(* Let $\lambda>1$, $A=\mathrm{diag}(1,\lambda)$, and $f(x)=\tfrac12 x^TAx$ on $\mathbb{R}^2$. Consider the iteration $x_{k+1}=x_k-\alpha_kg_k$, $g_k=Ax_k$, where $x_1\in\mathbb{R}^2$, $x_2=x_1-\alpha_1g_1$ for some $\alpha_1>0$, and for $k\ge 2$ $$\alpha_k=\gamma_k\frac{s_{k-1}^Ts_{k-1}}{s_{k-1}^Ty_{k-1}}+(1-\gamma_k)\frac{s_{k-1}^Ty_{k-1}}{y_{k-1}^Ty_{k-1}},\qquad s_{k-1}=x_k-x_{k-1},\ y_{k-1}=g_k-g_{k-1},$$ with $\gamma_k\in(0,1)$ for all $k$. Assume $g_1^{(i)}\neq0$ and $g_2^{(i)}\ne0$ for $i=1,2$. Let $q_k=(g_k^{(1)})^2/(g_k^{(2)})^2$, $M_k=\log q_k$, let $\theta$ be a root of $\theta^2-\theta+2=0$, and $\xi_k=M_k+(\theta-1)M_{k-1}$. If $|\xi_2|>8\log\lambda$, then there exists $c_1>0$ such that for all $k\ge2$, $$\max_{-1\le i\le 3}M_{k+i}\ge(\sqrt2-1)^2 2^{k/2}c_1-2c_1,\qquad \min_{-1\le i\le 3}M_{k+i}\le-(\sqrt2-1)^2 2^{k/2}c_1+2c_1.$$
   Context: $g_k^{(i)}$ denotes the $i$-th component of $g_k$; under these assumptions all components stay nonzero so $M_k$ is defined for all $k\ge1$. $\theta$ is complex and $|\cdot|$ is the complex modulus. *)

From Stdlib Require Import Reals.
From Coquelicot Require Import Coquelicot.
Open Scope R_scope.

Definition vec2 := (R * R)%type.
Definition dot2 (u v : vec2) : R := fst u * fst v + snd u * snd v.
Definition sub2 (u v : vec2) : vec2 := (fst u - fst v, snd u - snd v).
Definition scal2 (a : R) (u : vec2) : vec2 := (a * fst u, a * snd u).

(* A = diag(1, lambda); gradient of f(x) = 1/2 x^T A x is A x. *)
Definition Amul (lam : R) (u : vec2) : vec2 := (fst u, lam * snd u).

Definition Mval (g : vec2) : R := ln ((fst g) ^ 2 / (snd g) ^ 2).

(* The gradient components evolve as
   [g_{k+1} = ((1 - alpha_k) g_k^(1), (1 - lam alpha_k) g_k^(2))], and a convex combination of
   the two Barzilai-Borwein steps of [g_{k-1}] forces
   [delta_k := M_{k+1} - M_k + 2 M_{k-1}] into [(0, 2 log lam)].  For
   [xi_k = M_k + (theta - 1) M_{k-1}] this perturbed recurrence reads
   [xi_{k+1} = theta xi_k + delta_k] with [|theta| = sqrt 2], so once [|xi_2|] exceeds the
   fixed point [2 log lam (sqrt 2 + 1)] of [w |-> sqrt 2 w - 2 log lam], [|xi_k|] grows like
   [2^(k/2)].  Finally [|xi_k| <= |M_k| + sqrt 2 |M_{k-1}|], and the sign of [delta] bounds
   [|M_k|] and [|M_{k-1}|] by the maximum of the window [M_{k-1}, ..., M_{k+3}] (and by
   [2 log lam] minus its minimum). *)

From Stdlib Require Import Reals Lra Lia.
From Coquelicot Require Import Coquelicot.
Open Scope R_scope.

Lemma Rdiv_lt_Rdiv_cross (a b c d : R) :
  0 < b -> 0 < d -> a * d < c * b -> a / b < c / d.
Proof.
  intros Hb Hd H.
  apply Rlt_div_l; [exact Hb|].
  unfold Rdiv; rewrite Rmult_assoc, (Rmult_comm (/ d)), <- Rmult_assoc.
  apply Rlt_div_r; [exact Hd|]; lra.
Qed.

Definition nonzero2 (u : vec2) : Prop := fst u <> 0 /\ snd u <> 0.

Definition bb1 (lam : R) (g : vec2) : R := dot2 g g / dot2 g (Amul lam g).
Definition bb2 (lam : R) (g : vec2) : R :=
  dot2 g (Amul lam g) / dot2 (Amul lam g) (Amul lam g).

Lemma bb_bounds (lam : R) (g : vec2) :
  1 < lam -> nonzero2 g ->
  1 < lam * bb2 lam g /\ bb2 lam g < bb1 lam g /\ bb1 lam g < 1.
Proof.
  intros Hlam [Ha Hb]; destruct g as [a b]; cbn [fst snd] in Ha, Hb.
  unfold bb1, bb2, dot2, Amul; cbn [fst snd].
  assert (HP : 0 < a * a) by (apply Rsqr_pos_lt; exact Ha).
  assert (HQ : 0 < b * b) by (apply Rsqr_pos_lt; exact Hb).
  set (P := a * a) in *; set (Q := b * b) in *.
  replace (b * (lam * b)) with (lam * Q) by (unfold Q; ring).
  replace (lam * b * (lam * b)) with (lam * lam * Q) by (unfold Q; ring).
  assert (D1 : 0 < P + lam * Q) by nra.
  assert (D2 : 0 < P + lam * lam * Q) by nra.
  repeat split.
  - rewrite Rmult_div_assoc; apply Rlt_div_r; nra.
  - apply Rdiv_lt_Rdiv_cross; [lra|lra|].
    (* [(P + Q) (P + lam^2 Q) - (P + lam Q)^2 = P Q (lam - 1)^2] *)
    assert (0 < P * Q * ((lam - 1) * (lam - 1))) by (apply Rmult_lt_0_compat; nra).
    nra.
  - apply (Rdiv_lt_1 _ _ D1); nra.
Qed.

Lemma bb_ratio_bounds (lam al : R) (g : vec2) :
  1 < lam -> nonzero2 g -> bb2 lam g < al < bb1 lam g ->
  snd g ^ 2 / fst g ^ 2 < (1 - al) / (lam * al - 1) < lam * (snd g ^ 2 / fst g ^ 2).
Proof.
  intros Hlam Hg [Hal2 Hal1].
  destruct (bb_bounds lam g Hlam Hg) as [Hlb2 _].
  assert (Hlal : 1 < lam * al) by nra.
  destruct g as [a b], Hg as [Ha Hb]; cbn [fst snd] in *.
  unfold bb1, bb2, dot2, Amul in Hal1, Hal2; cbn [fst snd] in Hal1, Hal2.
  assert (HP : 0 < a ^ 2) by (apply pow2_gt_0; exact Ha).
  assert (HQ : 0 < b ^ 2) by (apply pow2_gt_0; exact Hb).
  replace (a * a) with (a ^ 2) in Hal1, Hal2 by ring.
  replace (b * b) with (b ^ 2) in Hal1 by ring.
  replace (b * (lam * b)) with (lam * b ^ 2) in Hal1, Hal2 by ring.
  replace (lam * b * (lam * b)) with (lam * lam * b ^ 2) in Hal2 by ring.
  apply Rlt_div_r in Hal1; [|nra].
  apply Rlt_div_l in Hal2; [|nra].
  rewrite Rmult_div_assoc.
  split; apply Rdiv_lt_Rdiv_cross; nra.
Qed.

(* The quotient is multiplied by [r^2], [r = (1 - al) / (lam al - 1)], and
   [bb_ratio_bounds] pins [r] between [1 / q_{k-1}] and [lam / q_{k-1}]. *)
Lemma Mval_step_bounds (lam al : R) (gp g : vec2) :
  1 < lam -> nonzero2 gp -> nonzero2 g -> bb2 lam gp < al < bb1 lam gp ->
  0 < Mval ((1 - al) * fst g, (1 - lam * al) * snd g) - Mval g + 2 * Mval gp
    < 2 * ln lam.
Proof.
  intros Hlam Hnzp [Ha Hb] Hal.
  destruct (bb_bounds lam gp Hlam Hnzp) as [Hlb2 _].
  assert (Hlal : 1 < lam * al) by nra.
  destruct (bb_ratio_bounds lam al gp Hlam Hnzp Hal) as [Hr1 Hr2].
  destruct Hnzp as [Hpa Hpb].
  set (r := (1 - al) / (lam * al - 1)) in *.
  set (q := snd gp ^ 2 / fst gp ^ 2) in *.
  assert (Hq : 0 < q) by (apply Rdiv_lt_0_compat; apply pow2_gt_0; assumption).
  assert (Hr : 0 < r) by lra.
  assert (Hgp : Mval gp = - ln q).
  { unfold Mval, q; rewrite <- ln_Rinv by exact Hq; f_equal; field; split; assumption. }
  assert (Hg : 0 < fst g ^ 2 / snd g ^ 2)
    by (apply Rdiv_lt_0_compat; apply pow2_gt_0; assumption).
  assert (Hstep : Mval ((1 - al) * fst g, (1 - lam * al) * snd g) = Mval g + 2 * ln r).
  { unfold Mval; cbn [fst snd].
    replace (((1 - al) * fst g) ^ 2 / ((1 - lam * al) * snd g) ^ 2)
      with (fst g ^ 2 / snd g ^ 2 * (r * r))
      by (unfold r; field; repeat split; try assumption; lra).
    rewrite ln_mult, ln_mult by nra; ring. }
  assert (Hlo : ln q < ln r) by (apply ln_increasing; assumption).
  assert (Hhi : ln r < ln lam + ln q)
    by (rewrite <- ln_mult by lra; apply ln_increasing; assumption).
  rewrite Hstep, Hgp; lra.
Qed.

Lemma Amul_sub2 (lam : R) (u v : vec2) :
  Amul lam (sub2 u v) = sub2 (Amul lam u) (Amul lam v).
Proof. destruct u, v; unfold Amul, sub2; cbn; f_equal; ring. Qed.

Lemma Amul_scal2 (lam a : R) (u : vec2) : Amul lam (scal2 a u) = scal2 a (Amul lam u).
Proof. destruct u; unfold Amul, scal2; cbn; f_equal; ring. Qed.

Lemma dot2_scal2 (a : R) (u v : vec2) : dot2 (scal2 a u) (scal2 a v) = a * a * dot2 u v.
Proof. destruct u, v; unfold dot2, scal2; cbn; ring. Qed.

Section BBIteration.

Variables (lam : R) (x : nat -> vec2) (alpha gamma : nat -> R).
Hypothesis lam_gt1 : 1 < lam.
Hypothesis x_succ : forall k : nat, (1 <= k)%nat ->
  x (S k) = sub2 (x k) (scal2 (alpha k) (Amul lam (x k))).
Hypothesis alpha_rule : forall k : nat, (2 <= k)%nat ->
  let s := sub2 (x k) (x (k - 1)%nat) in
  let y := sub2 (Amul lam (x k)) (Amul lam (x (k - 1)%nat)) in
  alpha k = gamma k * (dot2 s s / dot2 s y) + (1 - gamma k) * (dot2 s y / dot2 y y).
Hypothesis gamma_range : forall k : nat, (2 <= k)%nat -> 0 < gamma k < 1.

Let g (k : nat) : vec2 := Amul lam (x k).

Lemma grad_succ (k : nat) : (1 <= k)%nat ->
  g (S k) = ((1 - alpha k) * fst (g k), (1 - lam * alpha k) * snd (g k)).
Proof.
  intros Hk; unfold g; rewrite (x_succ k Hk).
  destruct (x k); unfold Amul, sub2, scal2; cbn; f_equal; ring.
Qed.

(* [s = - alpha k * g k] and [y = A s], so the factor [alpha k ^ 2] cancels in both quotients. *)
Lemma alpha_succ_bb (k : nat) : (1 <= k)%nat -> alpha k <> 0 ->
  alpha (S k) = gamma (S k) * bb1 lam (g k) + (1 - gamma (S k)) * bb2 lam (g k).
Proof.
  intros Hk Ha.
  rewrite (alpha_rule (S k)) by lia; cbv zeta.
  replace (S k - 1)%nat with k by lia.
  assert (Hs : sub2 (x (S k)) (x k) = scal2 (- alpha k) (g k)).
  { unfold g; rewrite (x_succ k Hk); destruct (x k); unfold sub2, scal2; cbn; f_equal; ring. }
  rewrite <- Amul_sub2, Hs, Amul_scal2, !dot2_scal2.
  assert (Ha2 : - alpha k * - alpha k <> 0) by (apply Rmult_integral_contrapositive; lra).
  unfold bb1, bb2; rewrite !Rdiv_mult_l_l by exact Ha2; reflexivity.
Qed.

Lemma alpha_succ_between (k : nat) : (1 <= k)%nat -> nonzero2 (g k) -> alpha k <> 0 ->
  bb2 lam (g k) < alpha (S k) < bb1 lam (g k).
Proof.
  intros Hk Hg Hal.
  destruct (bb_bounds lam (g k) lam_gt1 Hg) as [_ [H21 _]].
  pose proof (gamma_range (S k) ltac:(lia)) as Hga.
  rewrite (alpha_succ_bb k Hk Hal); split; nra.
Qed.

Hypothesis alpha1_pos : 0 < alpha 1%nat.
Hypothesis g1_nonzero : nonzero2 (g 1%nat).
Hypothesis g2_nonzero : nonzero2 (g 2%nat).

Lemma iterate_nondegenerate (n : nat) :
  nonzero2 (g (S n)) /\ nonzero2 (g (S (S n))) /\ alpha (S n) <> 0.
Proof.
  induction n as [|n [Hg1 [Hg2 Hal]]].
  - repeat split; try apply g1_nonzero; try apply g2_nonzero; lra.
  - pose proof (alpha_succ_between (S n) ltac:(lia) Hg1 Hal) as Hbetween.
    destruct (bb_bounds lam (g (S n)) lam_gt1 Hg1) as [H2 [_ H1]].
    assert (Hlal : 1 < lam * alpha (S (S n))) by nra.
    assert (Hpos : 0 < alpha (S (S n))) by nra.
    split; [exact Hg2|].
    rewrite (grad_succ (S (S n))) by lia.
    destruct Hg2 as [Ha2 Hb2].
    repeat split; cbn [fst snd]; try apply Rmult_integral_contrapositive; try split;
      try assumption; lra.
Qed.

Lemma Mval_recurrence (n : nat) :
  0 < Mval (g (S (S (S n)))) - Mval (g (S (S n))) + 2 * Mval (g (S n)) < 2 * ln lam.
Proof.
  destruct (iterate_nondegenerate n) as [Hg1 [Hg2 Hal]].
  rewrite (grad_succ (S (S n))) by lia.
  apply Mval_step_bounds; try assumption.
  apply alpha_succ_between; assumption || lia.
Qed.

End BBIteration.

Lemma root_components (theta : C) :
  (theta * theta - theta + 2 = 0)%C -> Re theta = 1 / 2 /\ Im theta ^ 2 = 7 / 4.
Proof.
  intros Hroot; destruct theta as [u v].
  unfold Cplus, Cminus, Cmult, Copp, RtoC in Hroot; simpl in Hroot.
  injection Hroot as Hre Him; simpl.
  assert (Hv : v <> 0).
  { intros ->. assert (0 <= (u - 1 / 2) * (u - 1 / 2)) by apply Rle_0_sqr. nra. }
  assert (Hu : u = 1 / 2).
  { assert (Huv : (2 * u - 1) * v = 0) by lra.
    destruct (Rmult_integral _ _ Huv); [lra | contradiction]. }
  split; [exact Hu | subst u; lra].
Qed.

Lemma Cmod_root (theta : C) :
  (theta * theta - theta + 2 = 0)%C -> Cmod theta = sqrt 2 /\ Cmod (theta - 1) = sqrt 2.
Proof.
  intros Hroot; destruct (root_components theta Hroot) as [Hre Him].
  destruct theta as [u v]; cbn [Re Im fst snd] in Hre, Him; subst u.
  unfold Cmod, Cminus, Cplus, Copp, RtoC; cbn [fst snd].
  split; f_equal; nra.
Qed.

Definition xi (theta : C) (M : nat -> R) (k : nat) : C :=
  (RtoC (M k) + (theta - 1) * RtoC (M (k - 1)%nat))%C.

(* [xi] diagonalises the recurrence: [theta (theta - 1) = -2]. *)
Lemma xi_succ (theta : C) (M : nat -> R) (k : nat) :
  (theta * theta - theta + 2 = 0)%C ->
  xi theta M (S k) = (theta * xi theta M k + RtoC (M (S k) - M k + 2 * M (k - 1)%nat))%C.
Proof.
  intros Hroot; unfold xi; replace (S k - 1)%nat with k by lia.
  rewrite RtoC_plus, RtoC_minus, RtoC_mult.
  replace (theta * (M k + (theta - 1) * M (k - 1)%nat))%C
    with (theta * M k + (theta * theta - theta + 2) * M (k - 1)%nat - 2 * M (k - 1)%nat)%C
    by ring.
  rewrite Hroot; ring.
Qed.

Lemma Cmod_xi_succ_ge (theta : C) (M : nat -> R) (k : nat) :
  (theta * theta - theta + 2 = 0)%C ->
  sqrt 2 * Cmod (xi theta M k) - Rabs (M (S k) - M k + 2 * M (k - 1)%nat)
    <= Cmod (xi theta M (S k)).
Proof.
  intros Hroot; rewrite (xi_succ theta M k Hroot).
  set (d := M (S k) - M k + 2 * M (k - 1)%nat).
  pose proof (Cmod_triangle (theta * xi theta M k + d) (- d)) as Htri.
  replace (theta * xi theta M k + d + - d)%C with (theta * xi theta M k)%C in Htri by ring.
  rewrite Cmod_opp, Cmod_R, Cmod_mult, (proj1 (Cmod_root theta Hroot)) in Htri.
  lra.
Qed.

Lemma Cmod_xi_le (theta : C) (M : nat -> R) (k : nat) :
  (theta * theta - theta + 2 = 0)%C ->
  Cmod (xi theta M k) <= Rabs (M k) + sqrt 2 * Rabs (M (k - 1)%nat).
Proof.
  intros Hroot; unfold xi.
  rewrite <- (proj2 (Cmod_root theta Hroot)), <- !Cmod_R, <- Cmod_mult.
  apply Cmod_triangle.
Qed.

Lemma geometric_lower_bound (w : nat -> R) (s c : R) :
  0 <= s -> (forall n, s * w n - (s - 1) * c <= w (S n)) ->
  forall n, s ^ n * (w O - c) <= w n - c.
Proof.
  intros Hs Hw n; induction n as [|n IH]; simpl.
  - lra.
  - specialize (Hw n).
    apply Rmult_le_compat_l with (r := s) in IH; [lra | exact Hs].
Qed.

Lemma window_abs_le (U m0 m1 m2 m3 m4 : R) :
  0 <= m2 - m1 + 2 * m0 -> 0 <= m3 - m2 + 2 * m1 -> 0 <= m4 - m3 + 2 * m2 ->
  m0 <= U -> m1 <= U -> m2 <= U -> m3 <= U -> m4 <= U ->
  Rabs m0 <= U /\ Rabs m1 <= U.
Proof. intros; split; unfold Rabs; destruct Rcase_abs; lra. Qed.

___

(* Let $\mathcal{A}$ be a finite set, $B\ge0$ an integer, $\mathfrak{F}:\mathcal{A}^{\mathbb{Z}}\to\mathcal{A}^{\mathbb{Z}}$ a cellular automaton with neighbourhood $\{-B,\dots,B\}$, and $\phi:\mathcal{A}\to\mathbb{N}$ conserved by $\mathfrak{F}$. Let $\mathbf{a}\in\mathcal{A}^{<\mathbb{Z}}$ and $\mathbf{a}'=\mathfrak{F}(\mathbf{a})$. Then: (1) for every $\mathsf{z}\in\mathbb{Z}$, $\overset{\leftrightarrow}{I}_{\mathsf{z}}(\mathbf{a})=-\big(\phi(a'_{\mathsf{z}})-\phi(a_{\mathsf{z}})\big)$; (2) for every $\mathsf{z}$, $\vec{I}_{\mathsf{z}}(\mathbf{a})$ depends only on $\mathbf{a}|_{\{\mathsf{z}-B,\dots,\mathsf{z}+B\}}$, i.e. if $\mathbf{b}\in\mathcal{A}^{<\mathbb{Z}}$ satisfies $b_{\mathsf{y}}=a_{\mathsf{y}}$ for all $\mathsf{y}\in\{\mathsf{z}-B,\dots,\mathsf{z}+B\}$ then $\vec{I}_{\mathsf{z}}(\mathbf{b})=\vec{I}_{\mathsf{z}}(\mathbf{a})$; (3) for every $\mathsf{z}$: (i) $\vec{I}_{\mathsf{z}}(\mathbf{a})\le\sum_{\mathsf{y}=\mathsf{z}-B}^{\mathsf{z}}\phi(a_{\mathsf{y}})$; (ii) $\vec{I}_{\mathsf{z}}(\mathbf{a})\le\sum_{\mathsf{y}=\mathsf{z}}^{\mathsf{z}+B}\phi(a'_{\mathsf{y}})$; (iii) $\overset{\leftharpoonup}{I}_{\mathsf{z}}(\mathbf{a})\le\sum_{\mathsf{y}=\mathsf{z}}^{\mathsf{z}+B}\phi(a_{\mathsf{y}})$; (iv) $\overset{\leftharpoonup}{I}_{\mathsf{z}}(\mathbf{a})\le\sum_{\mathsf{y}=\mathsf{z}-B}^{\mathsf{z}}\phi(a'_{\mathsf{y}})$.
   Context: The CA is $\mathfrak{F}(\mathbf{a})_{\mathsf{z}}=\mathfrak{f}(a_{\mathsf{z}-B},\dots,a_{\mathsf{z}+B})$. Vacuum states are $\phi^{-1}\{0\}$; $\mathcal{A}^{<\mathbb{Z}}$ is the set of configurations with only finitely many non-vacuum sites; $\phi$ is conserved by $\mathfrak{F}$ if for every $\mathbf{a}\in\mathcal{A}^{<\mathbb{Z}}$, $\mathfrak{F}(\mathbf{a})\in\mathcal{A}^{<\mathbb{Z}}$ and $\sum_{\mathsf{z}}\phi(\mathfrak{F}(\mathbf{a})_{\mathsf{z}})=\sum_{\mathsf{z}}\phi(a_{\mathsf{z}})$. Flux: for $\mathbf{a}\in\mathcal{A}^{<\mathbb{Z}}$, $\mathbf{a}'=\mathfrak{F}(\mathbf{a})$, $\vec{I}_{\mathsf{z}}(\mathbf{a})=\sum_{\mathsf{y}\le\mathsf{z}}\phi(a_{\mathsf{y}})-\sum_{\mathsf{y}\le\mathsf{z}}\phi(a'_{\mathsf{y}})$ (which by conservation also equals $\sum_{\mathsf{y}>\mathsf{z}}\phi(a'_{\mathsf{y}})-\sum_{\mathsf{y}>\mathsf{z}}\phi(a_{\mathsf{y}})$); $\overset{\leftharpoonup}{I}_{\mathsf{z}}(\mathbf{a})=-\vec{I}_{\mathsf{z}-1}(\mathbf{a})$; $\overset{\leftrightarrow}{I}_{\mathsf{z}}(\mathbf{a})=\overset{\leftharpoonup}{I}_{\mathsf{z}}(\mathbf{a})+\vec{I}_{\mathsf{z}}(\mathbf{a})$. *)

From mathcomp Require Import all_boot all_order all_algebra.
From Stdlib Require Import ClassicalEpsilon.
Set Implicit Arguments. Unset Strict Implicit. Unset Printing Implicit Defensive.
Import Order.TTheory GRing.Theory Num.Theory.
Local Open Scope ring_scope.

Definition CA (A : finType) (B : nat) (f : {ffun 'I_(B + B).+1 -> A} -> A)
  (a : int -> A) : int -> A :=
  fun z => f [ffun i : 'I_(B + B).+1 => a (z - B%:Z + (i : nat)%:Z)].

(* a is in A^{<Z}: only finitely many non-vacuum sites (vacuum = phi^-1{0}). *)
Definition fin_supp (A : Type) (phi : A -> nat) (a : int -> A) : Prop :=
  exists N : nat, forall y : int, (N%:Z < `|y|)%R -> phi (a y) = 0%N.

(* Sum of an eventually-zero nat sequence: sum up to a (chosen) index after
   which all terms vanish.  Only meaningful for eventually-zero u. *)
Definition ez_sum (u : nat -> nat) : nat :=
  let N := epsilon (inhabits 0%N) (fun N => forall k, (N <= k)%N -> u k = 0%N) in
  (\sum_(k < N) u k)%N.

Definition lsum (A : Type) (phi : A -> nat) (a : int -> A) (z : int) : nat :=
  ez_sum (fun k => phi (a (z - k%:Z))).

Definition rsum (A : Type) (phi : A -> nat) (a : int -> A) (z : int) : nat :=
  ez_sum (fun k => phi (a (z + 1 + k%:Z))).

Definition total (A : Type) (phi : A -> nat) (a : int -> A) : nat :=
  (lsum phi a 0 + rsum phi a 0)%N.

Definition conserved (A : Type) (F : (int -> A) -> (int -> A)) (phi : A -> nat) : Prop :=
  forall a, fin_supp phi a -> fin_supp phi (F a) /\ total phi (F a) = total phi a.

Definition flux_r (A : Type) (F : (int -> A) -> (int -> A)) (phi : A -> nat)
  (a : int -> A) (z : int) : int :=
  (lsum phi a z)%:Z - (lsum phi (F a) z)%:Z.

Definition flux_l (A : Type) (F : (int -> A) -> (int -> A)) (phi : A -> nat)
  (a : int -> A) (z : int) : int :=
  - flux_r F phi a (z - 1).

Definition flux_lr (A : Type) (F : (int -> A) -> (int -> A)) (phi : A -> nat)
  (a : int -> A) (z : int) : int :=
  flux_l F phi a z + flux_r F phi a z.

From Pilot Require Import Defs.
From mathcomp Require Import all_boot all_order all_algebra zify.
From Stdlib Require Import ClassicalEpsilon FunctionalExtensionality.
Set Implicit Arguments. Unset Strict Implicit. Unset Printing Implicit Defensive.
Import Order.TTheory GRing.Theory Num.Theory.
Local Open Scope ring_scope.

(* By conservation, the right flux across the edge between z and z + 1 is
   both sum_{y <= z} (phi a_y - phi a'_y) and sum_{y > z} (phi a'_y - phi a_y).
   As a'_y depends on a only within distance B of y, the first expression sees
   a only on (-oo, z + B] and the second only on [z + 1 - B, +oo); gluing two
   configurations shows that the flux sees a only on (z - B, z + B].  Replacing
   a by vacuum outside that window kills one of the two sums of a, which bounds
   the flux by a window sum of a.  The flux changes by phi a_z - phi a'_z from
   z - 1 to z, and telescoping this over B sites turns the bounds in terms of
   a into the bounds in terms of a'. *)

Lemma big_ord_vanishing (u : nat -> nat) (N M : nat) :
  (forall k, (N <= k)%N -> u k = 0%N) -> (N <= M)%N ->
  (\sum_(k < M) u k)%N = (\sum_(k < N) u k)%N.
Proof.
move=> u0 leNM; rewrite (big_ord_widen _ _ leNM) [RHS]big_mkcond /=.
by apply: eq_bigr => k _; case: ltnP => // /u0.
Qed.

___

Work instructions: Pull out all lines of the data with the string "Prop".

Finished task:
Definition nonzero2 (u : vec2) : Prop := fst u <> 0 /\ snd u <> 0.
Definition fin_supp (A : Type) (phi : A -> nat) (a : int -> A) : Prop :=
Definition conserved (A : Type) (F : (int -> A) -> (int -> A)) (phi : A -> nat) : Prop :=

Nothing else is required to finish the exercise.